Я понимал, что этот сбор не предусматривал моего появления. И я не собирался туда ехать. До десяти вечера. А в десять ноль одну собрался. И хрен с тем, что меня не ждут. И хрен с тем, что мне будут не рады.
Я соскучился.
Я псих, который едет, чтобы утолить дикую жажду по девушке, которая меня презирает.
— Ром, проходи, — пришла на выручку Бельчонок. В то время как мы с братом, который открыл мне дверь, замерли в дверях и препарировали друг друга взглядом. — Дём, пойдем. Мне нужна твоя помощь. Ром, раздевайся и проходи.
Полное равнодушие. И так х*ево, а становится еще хуже. Потому что они не фальшивая пара, а самая настоящая. Может, они даже живут здесь вместе. Она в домашнем спортивном костюме. И вообще, квартира Демьяна стала какая-то домашняя, уютная: розовый плед на диване, цветы в вазе, запах домашней еды и щебетание Бельчонка.
— Неожиданно. Но ладно… — отреагировал Янчик на моё появление на кухне.
Демьян раскатывал тесто. Бельчонок стояла рядом с ним ко мне спином. Уверен, она улыбалась ему, потому что Дема широко улыбался и бросал пылкие взгляды в ее сторону.
Идеальная картинка.
Только не от этого закружилась голова, а от того, что это не милая картинка на просторах интернета, а реальная жизнь. Их жизнь.
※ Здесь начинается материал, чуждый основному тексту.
(* Let $L, e_i, e_j, e_h, e_w, e_{v_i}, e_{v_j}$ be mutually independent random variables, where $L, e_i, e_j, e_h, e_w$ are mean-zero Gaussian. For constants $a_i, a_j, a_h, a_w$ define $X_m = a_m L + e_m$ for $m \in \{i,j,h,w\}$. Let $f, g$ be measurable functions such that $V_i = f(X_i, e_{v_i})$ and $V_j = g(X_j, e_{v_j})$ have finite second moments. Then the tetrad constraint for the partition that does not pair $V_i$ with $V_j$ holds: $$\mathrm{Cov}(V_i,X_w)\,\mathrm{Cov}(V_j,X_h) = \mathrm{Cov}(V_i,X_h)\,\mathrm{Cov}(V_j,X_w).$$
   Context: This describes a pure 1-factor measurement model with a single latent common cause $L$ of linear Gaussian indicators, in which two of the indicators $X_i, X_j$ are replaced by variables $V_i, V_j$ that are functions of them and of independent noise terms. *)

From HB Require Import structures.
From mathcomp Require Import all_boot all_order all_algebra.
From mathcomp Require Import all_classical all_reals all_analysis.
Set Implicit Arguments. Unset Strict Implicit. Unset Printing Implicit Defensive.
Import Order.TTheory GRing.Theory Num.Theory.
Local Open Scope classical_set_scope.
Local Open Scope ring_scope.

Definition mutually_independent {d} {T : measurableType d} {R : realType}
    (P : probability T R) (I : finType) (X : I -> T -> R) : Prop :=
  forall (J : {set I}) (B : I -> set R),
    (forall i, measurable (B i)) ->
    P (\bigcap_(i in [set i | i \in J]) (X i @^-1` B i)) =
    (\prod_(i in J) P (X i @^-1` B i))%E.

Definition centered_gaussian {d} {T : measurableType d} {R : realType}
    (P : probability T R) (X : T -> R) : Prop :=
  exists s : R, s != 0 /\
    forall A : set R, measurable A -> P (X @^-1` A) = normal_prob 0 s A.

From HB Require Import structures.
From mathcomp Require Import all_boot all_order all_algebra.
From mathcomp Require Import all_classical all_reals all_analysis.
From mathcomp Require Import measurable_realfun ring.
Import Order.TTheory GRing.Theory Num.Theory.
Local Open Scope classical_set_scope.
Local Open Scope ring_scope.

(** V_i is a measurable function of (L, e_i, e_vi), a family independent of
   e_h and e_w, so Cov(V_i, e_h) = Cov(V_i, e_w) = 0; by bilinearity
   Cov(V_i, X_m) = a_m Cov(V_i, L) for m = h, w, and likewise for V_j.  Both
   sides of the tetrad equation are then a_h a_w Cov(V_i, L) Cov(V_j, L).
   Gaussianity is only used to know that L, e_h and e_w are square
   integrable. *)

Section normal_second_moment.
Context (R : realType).
Local Notation mu := (@lebesgue_measure R).

Lemma sqr_normal_pdf_le (s x : R) : s != 0 ->
  x ^+ 2 * normal_pdf 0 s x <=
  normal_peak s * (s ^+ 2 *+ 4) / normal_peak (s * Num.sqrt 2) *
    normal_pdf 0 (s * Num.sqrt 2) x.
Proof.
move=> s0.
have s2_neq0 : s * Num.sqrt 2 != 0 by rewrite mulf_neq0 // gt_eqF // sqrtr_gt0.
have peak_neq0 : normal_peak (s * Num.sqrt 2) != 0.
  by rewrite gt_eqF // normal_peak_gt0.
rewrite !normal_pdfE //= /normal_fun !subr0.
(* with u := x^2 / 4s^2 the left side is C * (u e^-u) * normal_pdf 0 (s * sqrt 2) x *)
set u := x ^+ 2 / (s ^+ 2 *+ 4).
have u_ge0 : 0 <= u by rewrite divr_ge0 ?sqr_ge0 // mulrn_wge0 // sqr_ge0.
have -> : - x ^+ 2 / (s ^+ 2 *+ 2) = - u + - u by rewrite /u; field.
have -> : - x ^+ 2 / ((s * Num.sqrt 2) ^+ 2 *+ 2) = - u.
  by rewrite exprMn sqr_sqrtr // /u; field.
have -> : x ^+ 2 = s ^+ 2 *+ 4 * u by rewrite /u; field.
set A := normal_peak s * (s ^+ 2 *+ 4) * expR (- u).
have A_ge0 : 0 <= A.
  by rewrite !mulr_ge0 ?expR_ge0 ?normal_peak_ge0 // mulrn_wge0 // sqr_ge0.
have -> : s ^+ 2 *+ 4 * u * (normal_peak s * expR (- u + - u)) =
  A * (u * expR (- u)) by rewrite expRD /A; ring.
have -> : normal_peak s * (s ^+ 2 *+ 4) / normal_peak (s * Num.sqrt 2) *
   (normal_peak (s * Num.sqrt 2) * expR (- u)) = A by rewrite /A; field.
rewrite ler_piMr // expRN ler_pdivrMr ?expR_gt0 // mul1r.
by apply: le_trans (expR_ge1Dx u); rewrite lerDr.
Qed.

Local Open Scope ereal_scope.

Lemma ge0_integral_normal_prob (m s : R) (f : R -> \bar R) :
  measurable_fun setT f -> (forall x, 0 <= f x) ->
  \int[normal_prob m s]_x f x = \int[mu]_x (f x * (normal_pdf m s x)%:E).
Proof.
move=> mf f_ge0; have dom := normal_prob_dominates m s.
rewrite -(Radon_Nikodym_SigmaFinite.change_of_variables dom) //.
have mpdf : measurable_fun setT (fun x => (normal_pdf m s x)%:E).
  by apply/measurable_EFinP; exact: measurable_normal_pdf.
apply: ae_eq_integral => //; [apply: emeasurable_funM => //..|].
  exact/measurable_int/(Radon_Nikodym_SigmaFinite.f_integrable dom).
apply: ae_eqe_mul2l; apply: integral_ae_eq => //.
  exact: Radon_Nikodym_SigmaFinite.f_integrable.
by move=> E _ mE; rewrite -Radon_Nikodym_SigmaFinite.f_integral.
Qed.

Lemma normal_prob_sqr_lty (s : R) : (s != 0)%R ->
  \int[normal_prob 0 s]_x (x ^+ 2)%:E < +oo.
Proof.
move=> s0.
have msqr : measurable_fun setT (fun x : R => (x ^+ 2)%:E).
  by apply/measurable_EFinP; exact: measurable_funX.
have mpdf (t : R) : measurable_fun setT (fun x => (normal_pdf 0 t x)%:E).
  by apply/measurable_EFinP; exact: measurable_normal_pdf.
rewrite ge0_integral_normal_prob //; last by move=> x; rewrite lee_fin sqr_ge0.
pose K := (normal_peak s * (s ^+ 2 *+ 4) / normal_peak (s * Num.sqrt 2))%R.
apply: (@le_lt_trans _ _ (\int[mu]_x (K%:E * (normal_pdf 0 (s * Num.sqrt 2) x)%:E))).
  apply: ge0_le_integral => //.
  - by move=> x _; rewrite -EFinM lee_fin mulr_ge0 ?sqr_ge0 ?normal_pdf_ge0.
  - by apply: emeasurable_funM; [exact: msqr|exact: mpdf].
  - by apply: emeasurable_funM => //; exact: mpdf.
  - by move=> x _; rewrite -!EFinM lee_fin; exact: sqr_normal_pdf_le.
have K_ge0 : (0 <= K)%R.
  by rewrite !mulr_ge0 ?invr_ge0 ?normal_peak_ge0 // mulrn_wge0 // sqr_ge0.
rewrite ge0_integralZl ?lee_fin //.
- by rewrite integral_normal_pdf mule1 ltry.
- exact: mpdf.
- by move=> x ?; exact: normal_pdf_ge0.
Qed.

End normal_second_moment.

Lemma sqr_integral_lty_Lfun2 d (T : measurableType d) (R : realType)
    (mu : {measure set T -> \bar R}) (f : T -> R) :
  measurable_fun setT f -> (\int[mu]_x (f x ^+ 2)%:E < +oo)%E ->
  f \in Lfun mu 2%:E.
Proof.
move=> mf f2_lty; rewrite inE; apply/andP; split; first by rewrite inE.
rewrite inE /= /finite_norm unlock /Lnorm; apply: poweR_lty.
under eq_integral => x _.
  rewrite abse_EFin poweR_EFin powR_mulrn ?normr_ge0 // real_normK ?num_real //.
  over.
exact: f2_lty.
Qed.

Section centered_gaussian.
Context {d} {T : measurableType d} {R : realType} (P : probability T R).
Local Open Scope ereal_scope.

Lemma centered_gaussian_Lfun2 (X : {RV P >-> R}) :
  centered_gaussian P X -> (X : T -> R) \in Lfun P 2%:E.
Proof.
move=> [s [s0 lawX]]; apply: sqr_integral_lty_Lfun2 => //.
(* normal_prob lives on the Lebesgue sigma-algebra measurableTypeR R, so the
   law of X is taken there rather than on the canonical structure of R *)
pose Y : T -> measurableTypeR R := X.
have msqr : measurable_fun setT (fun y : measurableTypeR R => (y ^+ 2)%:E).
  by apply/measurable_EFinP; exact: measurable_funX.
have -> : \int[P]_x (X x ^+ 2)%:E = \int[pushforward P Y]_y (y ^+ 2)%:E.
  rewrite ge0_integral_pushforward //; last by move=> y _; rewrite lee_fin sqr_ge0.
  exact: (measurable_funPT X).
suff -> : \int[pushforward P Y]_y (y ^+ 2)%:E = \int[normal_prob 0 s]_y (y ^+ 2)%:E.
  exact: normal_prob_sqr_lty.
apply: eq_measure_integral => [|mY A mA _]; first exact: (measurable_funPT X).
exact: lawX.
Qed.
End centered_gaussian.

Section independence.
Context {d} {T : measurableType d} {R : realType} (P : probability T R).
Local Open Scope ereal_scope.

Lemma indep_event_g_sigma (G : set (set T)) (B : set T) :
  G `<=` measurable -> setI_closed G -> G setT -> measurable B ->
  (forall A, G A -> P (A `&` B) = P A * P B) ->
  forall A, <<s G >> A -> P (A `&` B) = P A * P B.
Proof.
move=> Gm GI GT mB indepG A GA.
have PB_ge0 : (0 <= fine (P B))%R by apply: fine_ge0.
have PBE : P B = (fine (P B))%:E by rewrite fineK // fin_num_measure.
(* A |-> P (A `&` B) and A |-> P A * P B are finite measures that agree on G *)
pose m1 := mrestr P mB.
pose m2 := mscale (NngNum PB_ge0) P.
have m1_lty (k : nat) : m1 setT < +oo.
  by rewrite /m1 /mrestr setTI (le_lt_trans (probability_le1 _ _)) ?ltry.
have m12 A' : G A' -> m1 A' = m2 A'.
  by move=> GA'; rewrite /m1 /m2 /mrestr /mscale /= -PBE muleC; exact: indepG.
have cover : \bigcup_(k : nat) setT = [set: T] by rewrite bigcup_const.
have := g_sigma_algebra_measure_unique G Gm (fun=> setT) (fun=> GT) cover
  m1 m2 GI m12 m1_lty A GA.
move=> m12A; transitivity (m2 A); first exact: m12A.
by rewrite /m2 /mscale /= -PBE muleC.
Qed.

Definition independent2 (V Z : T -> R) := forall A C : set R,
  measurable A -> measurable C ->
  P (V @^-1` A `&` Z @^-1` C) = P (V @^-1` A) * P (Z @^-1` C).

Lemma expectationM_independent2 (V Z : T -> R) : independent2 V Z ->
  V \in Lfun P 2%:E -> Z \in Lfun P 2%:E -> 'E_P[V * Z] = 'E_P[V] * 'E_P[Z].
Proof.
move=> VZindep V2 Z2.
have Pfin : P setT \is a fin_num := fin_num_measure P _ measurableT.
have /Lfun1_integrable iV := Lfun_subset12 Pfin V2.
have /Lfun1_integrable iZ := Lfun_subset12 Pfin Z2.
have /Lfun1_integrable iVZ := Lfun2_mul_Lfun1 V2 Z2.
have mV : measurable_fun setT V by apply/measurable_EFinP; exact: measurable_int iV.
have mZ : measurable_fun setT Z by apply/measurable_EFinP; exact: measurable_int iZ.
have mVZ : measurable_fun setT (fun w => (V w, Z w)) := measurable_fun_pair mV mZ.
pose muV := distribution P (mfun_Sub (mem_set mV)).
pose muZ := distribution P (mfun_Sub (mem_set mZ)).
pose mu := distribution P (mfun_Sub (mem_set mVZ)).
have mu_prod X : measurable X -> (muV \x muZ) X = mu X.
  by apply: product_measure_unique => A C mA mC; rewrite -VZindep.
pose mul : R * R -> \bar R := fun z => (z.1 * z.2)%:E.
have mmul : measurable_fun setT mul.
  by apply/measurable_EFinP; exact: measurable_funM.
have mEFin := @EFin_measurable R setT.
have imuV : muV.-integrable setT EFin := integrable_pushforward mV mEFin iV measurableT.
have imuZ : muZ.-integrable setT EFin := integrable_pushforward mZ mEFin iZ measurableT.
have imu : mu.-integrable setT mul := integrable_pushforward mVZ mmul iVZ measurableT.
have EVE : 'E_P[V] = \int[muV]_y y%:E.
  by rewrite unlock integral_distribution.
have EZE : 'E_P[Z] = \int[muZ]_y y%:E.
  by rewrite unlock integral_distribution.
have EVZE : 'E_P[V * Z] = \int[muV \x muZ]_z mul z.
  rewrite unlock (eq_measure_integral mu); last by move=> A mA _; exact: mu_prod.
  by rewrite integral_distribution.
have imul : (muV \x muZ).-integrable setT mul.
  apply/integrableP; split => //.
  rewrite (eq_measure_integral mu); last by move=> A mA _; exact: mu_prod.
  by case/integrableP : imu.
have EZ_fin : 'E_P[Z] \is a fin_num by exact/expectation_fin_num/(Lfun_subset12 Pfin).
rewrite EVZE -(integral12_prod_meas1 imul) /fubini_F /=.
under eq_integral => x _.
  under eq_integral => y _ do rewrite /mul /= EFinM.
  rewrite integralZl // -EZE -(fineK EZ_fin).
  over.
by rewrite /= integralZr // -EVE fineK.
Qed.

Lemma covariance_independent2 (V Z : T -> R) : independent2 V Z ->
  V \in Lfun P 2%:E -> Z \in Lfun P 2%:E -> covariance P V Z = 0.
Proof.
move=> VZindep V2 Z2; have Pfin := fin_num_measure P _ measurableT.
have [V1 Z1] := (Lfun_subset12 Pfin V2, Lfun_subset12 Pfin Z2).
rewrite covarianceE ?Lfun2_mul_Lfun1 // expectationM_independent2 // subee //.
by rewrite fin_numM // expectation_fin_num.
Qed.

Section cylinder_events.
Context {I : finType} (X : I -> T -> R) (J : {set I}).

Definition cylinder_events : set (set T) :=
  [set A | exists2 B : I -> set R, (forall i, measurable (B i)) &
     A = \bigcap_(i in [set i | i \in J]) (X i @^-1` B i)].

Lemma cylinder_events_setT : cylinder_events setT.
Proof.
exists (fun=> setT) => //; apply/seteqP; split => // w _ i _.
Qed.

Lemma cylinder_events_setI_closed : setI_closed cylinder_events.
Proof.
move=> _ _ [B mB ->] [C mC ->]; exists (fun i => B i `&` C i).
  by move=> i; exact: measurableI.
by rewrite -bigcapI.
Qed.

Lemma cylinder_events_measurable :
  (forall i, i \in J -> measurable_fun setT (X i)) ->
  cylinder_events `<=` measurable.
Proof.
move=> mX _ [B mB ->].
apply: fin_bigcap_measurable => [|i iJ]; first exact: finite_finset.
by rewrite -[_ @^-1` _]setTI; apply: mX.
Qed.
Они вот так каждый вечер готовят вместе, потом ужинают, сидя напротив и смотря друг другу в глаза, а наевшись, удаляют другой голод в постели.
А я даже не думал о таком. Никогда не представлял ее на своей кухне. В спальне — да, на кухне — нет. Как она в одной моей футболке утром готовит завтрак, потому что я голодный после жаркой страстной ночи с ней. Бл*дь. Какой же я придурок. Я не только ее потерял. Я свою жизнь просрал. Убил одной пощечиной семью, которую она могла мне подарить. Твою мать. Я только сейчас понял, что готов жениться на ней, готов любить только ее, готов только ее видеть в своей постели и на нашей общей кухне.
Почему раньше я не рассматривал ее как женщину на всю жизнь.
Единственную.
Только мою. И я бы смог быть только ее. Да я уже только ее. Только она уже не моя.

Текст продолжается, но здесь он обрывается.